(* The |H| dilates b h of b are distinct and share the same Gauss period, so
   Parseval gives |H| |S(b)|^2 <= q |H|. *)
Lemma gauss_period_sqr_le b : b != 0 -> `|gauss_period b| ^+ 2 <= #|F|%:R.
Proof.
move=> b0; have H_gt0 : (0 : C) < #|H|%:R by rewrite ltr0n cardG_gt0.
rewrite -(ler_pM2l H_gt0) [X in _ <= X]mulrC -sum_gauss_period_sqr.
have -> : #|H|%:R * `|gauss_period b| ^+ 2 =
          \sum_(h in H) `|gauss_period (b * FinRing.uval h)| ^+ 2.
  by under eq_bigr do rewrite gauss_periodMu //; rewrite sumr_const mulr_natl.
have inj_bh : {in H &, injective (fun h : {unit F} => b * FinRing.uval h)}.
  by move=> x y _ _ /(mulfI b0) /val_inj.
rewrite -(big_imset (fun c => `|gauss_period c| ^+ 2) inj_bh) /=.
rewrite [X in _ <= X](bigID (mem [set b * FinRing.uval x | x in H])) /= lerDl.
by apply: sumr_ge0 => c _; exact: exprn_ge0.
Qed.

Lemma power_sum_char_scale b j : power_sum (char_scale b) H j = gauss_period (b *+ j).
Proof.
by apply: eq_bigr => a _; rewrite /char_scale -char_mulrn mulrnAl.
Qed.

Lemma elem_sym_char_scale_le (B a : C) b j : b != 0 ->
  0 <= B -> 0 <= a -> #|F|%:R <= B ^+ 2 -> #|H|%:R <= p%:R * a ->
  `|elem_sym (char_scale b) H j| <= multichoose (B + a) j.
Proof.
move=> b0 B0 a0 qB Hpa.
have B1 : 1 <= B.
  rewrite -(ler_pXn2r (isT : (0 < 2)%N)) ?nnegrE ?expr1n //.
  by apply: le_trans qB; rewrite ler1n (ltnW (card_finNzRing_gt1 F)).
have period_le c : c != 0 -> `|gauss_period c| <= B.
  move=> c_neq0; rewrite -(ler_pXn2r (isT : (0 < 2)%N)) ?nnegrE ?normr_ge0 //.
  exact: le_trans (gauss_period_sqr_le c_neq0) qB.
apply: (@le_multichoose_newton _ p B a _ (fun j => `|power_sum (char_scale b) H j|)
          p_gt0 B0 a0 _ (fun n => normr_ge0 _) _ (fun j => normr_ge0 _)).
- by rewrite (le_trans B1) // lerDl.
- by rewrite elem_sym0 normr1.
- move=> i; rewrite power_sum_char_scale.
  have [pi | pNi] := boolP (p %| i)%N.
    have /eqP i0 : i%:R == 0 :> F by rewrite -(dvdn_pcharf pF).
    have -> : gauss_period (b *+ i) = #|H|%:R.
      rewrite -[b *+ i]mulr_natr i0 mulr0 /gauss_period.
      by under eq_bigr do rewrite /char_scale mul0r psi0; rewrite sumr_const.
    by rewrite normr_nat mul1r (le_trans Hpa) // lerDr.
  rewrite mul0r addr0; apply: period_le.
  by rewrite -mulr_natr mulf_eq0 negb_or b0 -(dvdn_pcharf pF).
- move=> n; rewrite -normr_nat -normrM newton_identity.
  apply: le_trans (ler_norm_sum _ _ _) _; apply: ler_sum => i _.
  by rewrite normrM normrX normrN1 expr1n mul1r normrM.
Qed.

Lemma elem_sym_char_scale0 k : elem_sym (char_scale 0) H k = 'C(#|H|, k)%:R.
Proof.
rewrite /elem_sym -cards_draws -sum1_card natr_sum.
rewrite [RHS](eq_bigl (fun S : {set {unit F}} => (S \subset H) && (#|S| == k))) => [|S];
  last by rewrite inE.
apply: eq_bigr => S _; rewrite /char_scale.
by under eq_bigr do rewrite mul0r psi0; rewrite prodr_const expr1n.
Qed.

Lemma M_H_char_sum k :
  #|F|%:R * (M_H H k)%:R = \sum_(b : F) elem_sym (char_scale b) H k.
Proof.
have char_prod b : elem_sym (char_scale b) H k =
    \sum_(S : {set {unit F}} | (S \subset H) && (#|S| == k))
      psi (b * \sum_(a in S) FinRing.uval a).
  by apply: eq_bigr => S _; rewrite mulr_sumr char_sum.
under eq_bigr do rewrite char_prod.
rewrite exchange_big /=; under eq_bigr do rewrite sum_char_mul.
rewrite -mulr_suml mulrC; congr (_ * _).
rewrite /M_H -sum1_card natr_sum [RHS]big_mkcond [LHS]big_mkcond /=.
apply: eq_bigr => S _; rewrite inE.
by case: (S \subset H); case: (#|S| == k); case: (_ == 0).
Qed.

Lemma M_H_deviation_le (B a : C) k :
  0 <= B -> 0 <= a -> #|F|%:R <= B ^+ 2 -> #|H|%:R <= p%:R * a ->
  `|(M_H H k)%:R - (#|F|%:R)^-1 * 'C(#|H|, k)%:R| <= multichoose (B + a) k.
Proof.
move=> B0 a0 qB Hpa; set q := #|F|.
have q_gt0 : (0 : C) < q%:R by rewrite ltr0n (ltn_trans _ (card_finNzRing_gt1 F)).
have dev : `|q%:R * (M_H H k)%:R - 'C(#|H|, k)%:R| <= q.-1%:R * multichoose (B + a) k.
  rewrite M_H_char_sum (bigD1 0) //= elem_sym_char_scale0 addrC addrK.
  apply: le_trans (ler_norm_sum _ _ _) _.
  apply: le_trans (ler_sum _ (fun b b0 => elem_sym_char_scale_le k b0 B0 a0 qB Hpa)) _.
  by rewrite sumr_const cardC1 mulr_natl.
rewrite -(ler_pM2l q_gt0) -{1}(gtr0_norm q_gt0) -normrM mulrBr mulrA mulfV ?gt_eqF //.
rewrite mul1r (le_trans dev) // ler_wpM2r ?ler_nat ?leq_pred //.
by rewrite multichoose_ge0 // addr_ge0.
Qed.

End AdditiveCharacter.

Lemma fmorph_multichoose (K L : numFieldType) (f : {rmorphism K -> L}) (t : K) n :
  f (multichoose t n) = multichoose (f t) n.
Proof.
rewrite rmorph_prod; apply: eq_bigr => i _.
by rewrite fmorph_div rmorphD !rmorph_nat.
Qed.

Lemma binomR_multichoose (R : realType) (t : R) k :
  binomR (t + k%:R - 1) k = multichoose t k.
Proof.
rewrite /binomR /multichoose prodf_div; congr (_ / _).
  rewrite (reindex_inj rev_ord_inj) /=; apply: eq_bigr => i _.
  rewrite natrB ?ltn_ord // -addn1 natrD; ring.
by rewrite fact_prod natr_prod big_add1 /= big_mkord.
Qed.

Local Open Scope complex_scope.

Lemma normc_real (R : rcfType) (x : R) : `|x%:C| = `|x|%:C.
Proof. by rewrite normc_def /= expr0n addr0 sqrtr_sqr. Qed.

_ _ _ _

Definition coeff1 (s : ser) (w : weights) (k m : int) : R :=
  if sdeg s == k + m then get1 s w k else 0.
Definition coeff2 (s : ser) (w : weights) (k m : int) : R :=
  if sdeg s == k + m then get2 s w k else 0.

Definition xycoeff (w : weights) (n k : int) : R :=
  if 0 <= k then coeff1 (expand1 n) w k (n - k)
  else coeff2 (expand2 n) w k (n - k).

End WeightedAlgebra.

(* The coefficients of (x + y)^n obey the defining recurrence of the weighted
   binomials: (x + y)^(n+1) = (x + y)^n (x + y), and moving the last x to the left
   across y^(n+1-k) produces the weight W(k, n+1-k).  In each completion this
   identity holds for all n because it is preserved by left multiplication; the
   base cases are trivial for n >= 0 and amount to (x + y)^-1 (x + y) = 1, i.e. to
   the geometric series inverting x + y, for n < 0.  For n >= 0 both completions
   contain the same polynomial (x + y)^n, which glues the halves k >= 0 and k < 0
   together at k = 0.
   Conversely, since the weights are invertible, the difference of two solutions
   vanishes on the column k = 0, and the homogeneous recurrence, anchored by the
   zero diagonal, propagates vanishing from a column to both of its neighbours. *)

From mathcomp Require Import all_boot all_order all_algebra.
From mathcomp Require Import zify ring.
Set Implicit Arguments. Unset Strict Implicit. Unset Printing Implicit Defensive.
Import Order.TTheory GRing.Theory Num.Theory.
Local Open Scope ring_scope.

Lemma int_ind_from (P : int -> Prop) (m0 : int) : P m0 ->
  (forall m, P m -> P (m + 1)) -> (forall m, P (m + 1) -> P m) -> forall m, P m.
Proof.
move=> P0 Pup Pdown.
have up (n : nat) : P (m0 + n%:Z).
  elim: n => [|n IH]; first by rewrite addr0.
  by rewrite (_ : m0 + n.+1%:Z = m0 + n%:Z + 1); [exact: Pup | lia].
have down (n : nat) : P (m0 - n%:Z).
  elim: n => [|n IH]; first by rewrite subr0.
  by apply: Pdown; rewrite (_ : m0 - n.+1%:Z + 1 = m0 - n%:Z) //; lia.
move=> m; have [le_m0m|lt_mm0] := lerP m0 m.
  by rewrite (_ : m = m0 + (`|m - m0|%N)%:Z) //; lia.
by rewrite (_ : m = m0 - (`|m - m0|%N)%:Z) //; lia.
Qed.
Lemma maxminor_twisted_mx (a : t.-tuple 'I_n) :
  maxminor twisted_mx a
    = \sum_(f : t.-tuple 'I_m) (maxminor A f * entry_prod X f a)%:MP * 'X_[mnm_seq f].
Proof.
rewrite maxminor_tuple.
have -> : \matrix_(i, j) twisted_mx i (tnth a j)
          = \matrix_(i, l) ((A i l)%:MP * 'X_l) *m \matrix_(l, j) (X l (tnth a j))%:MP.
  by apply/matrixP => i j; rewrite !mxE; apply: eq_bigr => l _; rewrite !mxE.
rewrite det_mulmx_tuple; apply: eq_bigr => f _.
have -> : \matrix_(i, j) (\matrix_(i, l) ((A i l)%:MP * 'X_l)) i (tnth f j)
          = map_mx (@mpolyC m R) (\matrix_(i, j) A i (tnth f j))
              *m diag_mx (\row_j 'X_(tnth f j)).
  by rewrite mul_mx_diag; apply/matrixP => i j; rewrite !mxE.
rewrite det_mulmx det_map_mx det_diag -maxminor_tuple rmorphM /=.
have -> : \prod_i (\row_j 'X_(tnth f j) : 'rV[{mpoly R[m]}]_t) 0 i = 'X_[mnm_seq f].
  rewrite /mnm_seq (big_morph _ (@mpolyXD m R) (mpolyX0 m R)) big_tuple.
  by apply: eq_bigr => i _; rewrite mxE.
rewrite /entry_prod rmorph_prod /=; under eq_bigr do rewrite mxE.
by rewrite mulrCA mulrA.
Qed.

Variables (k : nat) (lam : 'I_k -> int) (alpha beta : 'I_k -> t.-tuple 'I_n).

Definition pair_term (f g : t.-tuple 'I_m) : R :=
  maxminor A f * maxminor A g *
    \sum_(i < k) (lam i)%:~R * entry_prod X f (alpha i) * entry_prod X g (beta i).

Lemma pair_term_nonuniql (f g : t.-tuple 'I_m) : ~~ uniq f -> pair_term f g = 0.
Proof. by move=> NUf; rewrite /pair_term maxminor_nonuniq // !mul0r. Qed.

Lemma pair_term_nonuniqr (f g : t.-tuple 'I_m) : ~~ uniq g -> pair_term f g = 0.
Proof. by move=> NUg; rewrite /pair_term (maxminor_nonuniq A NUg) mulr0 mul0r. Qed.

_ _ _ _

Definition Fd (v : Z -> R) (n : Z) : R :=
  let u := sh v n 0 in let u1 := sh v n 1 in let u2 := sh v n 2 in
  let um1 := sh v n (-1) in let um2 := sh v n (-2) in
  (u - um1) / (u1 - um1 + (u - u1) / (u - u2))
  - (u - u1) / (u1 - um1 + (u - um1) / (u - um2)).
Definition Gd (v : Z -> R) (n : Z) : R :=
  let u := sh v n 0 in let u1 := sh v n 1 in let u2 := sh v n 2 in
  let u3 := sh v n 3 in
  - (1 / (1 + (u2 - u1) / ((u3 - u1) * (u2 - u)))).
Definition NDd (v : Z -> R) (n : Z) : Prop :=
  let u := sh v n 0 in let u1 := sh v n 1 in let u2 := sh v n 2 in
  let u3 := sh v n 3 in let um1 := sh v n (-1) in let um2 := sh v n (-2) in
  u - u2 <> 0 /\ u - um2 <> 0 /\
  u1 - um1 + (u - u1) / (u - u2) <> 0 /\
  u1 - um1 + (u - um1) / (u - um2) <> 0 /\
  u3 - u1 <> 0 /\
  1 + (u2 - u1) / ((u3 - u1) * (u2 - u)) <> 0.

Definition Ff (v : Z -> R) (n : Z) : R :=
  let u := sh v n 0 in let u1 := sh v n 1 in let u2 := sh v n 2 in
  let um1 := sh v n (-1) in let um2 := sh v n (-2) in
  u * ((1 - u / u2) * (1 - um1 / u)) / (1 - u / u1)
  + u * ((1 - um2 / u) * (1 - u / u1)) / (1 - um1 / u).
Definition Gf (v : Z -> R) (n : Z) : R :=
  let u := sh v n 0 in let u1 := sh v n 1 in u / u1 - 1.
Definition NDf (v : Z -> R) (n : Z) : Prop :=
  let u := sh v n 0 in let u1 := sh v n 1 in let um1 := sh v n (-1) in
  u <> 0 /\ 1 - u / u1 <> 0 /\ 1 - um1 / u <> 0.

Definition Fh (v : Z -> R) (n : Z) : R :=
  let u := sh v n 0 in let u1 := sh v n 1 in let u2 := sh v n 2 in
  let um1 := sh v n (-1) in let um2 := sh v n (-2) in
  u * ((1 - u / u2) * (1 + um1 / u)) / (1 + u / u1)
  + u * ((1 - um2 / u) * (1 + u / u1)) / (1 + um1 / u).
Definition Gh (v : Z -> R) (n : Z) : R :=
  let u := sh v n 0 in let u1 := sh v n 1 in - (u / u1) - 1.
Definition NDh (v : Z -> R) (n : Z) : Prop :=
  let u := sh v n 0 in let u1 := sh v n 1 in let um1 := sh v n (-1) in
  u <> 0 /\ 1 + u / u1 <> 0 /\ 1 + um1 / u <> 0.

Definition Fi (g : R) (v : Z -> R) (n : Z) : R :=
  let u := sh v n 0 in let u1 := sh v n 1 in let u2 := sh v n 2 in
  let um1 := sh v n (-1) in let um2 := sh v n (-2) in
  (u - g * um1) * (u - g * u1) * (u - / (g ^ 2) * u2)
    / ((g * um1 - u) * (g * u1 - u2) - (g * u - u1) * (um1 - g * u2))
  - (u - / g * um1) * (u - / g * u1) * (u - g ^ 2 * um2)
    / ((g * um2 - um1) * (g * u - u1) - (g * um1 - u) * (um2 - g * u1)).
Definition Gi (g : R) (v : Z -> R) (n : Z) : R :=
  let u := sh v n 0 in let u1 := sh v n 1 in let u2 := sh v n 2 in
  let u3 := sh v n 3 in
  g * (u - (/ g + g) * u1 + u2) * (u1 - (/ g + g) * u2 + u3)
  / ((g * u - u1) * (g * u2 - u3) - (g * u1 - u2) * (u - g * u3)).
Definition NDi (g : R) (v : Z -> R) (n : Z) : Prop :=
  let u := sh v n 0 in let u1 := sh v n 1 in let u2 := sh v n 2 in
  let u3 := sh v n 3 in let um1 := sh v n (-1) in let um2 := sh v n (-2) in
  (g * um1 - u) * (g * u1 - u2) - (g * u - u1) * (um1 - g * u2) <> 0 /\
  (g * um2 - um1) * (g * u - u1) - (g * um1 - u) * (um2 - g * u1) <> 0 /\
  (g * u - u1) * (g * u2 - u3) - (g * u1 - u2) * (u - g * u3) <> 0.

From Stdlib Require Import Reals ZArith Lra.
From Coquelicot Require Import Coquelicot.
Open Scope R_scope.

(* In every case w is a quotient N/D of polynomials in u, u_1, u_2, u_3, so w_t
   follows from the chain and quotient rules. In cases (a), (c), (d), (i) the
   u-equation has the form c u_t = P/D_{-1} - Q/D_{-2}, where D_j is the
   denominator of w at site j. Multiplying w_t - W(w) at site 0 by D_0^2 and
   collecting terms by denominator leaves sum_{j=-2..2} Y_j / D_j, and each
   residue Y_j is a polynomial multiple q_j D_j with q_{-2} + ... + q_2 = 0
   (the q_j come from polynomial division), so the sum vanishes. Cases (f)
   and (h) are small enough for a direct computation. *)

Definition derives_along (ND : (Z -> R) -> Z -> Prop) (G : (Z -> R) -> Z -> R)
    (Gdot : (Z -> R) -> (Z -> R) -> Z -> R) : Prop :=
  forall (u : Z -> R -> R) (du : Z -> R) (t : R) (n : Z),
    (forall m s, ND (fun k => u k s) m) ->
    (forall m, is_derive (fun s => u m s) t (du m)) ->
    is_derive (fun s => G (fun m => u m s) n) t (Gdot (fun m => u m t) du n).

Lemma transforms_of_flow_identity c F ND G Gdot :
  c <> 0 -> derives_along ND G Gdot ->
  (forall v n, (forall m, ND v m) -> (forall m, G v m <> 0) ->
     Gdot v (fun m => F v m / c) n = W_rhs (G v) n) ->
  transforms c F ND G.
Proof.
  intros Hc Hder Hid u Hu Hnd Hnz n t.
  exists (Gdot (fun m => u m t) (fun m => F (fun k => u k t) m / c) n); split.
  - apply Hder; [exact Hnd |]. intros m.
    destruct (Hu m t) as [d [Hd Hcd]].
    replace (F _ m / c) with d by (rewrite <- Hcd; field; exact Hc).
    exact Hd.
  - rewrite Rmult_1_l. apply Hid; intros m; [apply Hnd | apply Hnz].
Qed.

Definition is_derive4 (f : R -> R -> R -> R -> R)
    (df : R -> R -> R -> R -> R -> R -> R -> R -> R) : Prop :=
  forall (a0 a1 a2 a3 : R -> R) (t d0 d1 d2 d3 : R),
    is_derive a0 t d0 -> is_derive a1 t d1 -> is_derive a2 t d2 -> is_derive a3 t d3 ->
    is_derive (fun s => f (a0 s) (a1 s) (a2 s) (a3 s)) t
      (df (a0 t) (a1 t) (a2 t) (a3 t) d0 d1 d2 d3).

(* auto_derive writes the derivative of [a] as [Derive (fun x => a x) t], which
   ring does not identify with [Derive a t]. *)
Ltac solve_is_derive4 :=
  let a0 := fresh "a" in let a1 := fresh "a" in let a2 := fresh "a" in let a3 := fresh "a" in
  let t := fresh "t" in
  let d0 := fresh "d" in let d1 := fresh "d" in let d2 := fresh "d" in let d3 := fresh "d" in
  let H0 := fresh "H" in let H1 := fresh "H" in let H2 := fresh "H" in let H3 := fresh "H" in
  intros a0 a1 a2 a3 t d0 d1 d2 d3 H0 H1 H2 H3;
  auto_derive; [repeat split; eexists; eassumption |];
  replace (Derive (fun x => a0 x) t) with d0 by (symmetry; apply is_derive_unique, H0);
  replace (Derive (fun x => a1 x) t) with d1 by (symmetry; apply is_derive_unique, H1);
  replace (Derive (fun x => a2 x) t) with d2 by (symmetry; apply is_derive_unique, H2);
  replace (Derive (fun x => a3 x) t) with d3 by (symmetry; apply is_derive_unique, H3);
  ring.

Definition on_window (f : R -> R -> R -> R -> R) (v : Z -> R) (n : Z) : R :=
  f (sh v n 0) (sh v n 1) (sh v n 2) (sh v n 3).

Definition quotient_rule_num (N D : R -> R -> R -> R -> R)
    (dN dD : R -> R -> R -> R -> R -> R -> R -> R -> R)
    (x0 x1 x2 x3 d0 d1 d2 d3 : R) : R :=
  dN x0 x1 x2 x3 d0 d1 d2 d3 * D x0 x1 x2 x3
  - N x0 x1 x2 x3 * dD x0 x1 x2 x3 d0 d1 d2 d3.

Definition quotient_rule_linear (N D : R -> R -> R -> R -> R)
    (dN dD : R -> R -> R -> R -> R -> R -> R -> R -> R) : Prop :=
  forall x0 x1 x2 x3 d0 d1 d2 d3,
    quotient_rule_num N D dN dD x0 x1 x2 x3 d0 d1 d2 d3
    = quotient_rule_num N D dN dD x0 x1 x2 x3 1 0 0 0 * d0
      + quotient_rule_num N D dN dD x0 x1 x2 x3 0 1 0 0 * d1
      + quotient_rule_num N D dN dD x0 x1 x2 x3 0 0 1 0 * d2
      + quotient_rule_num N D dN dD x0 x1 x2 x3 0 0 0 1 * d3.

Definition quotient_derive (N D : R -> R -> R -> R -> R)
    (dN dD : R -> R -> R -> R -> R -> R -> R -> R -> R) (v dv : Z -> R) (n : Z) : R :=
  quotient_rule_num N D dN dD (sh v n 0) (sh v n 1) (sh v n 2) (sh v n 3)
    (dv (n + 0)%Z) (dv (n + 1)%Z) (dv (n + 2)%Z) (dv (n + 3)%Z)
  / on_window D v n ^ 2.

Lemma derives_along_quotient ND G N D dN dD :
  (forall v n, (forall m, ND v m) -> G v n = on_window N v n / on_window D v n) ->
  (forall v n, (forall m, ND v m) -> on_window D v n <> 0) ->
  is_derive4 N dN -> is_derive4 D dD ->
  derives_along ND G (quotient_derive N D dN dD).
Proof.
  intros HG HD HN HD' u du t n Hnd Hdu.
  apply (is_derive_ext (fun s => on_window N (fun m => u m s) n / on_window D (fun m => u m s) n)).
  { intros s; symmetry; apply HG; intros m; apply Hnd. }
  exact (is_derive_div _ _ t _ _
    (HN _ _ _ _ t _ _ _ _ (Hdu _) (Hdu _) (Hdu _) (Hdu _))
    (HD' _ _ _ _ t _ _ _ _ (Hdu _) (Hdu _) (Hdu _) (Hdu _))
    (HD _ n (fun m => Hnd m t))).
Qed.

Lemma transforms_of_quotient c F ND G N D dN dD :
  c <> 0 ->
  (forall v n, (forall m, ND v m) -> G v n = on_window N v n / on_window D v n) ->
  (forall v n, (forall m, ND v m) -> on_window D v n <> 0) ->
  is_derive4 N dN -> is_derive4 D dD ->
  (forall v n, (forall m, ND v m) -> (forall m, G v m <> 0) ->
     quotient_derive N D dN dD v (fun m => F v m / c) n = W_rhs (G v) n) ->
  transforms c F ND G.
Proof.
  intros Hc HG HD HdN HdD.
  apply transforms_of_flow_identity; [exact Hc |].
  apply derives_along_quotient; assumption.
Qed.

_ _ _ _

PROBLEM: In the entries above, find the line holding "(1 + um1 / u)." and the line holding "u <> 0 /\ 1 + u / u1"; print both of them and every line between, exactly, and nothing else.

RESULT BELOW:
  + u * ((1 - um2 / u) * (1 + u / u1)) / (1 + um1 / u).
Definition Gh (v : Z -> R) (n : Z) : R :=
  let u := sh v n 0 in let u1 := sh v n 1 in - (u / u1) - 1.
Definition NDh (v : Z -> R) (n : Z) : Prop :=
  let u := sh v n 0 in let u1 := sh v n 1 in let um1 := sh v n (-1) in
  u <> 0 /\ 1 + u / u1 <> 0 /\ 1 + um1 / u <> 0.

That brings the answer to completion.